» **YOUR INSTRUCTIONS**: Reproduce word for word the lines between those holding "(* Arities are" and "apply/seteqP; split.", inclusive, and nothing else from the data below.

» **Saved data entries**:
▬▬▬
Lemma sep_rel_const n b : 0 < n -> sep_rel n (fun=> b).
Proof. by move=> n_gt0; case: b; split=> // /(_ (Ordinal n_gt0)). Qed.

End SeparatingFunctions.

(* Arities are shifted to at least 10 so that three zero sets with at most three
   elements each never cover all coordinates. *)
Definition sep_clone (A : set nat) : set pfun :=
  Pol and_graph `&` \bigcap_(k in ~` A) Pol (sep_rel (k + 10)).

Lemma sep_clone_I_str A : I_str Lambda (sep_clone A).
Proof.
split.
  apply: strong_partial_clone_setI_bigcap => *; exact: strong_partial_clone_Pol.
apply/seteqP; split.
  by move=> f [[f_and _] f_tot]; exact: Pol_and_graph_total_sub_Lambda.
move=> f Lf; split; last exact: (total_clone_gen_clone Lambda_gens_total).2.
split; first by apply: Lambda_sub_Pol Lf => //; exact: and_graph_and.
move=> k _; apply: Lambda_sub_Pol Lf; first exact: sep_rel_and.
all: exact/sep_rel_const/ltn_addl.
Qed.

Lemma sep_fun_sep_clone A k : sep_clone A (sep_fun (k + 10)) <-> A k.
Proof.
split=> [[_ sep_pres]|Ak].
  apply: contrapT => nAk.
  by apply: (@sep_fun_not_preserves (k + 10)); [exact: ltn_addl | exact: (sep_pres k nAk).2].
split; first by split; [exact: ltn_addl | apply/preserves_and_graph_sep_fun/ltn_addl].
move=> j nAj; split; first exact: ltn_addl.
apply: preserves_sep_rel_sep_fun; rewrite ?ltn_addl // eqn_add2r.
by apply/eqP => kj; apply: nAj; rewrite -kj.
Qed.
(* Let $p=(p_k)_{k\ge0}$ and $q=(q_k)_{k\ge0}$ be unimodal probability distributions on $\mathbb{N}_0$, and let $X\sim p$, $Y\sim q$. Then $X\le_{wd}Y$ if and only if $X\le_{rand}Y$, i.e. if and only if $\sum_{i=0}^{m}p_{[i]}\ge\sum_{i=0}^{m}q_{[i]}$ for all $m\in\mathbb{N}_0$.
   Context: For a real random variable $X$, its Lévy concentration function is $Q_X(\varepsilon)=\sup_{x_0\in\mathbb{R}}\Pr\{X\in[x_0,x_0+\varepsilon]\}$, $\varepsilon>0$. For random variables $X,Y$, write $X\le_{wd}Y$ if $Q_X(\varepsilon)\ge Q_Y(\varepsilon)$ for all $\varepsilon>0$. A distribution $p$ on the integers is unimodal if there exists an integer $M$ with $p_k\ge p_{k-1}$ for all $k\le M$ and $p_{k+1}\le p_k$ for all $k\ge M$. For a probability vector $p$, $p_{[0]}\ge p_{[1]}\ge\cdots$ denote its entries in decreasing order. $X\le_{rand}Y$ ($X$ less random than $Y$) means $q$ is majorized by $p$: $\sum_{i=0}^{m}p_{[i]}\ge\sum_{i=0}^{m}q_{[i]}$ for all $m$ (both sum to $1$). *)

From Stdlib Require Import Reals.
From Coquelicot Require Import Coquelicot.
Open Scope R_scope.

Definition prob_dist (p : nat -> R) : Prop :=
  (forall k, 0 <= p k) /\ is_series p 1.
▬▬▬
» **EXPECTED ANSWER**:
(* Arities are shifted to at least 10 so that three zero sets with at most three
   elements each never cover all coordinates. *)
Definition sep_clone (A : set nat) : set pfun :=
  Pol and_graph `&` \bigcap_(k in ~` A) Pol (sep_rel (k + 10)).

Lemma sep_clone_I_str A : I_str Lambda (sep_clone A).
Proof.
split.
  apply: strong_partial_clone_setI_bigcap => *; exact: strong_partial_clone_Pol.
apply/seteqP; split.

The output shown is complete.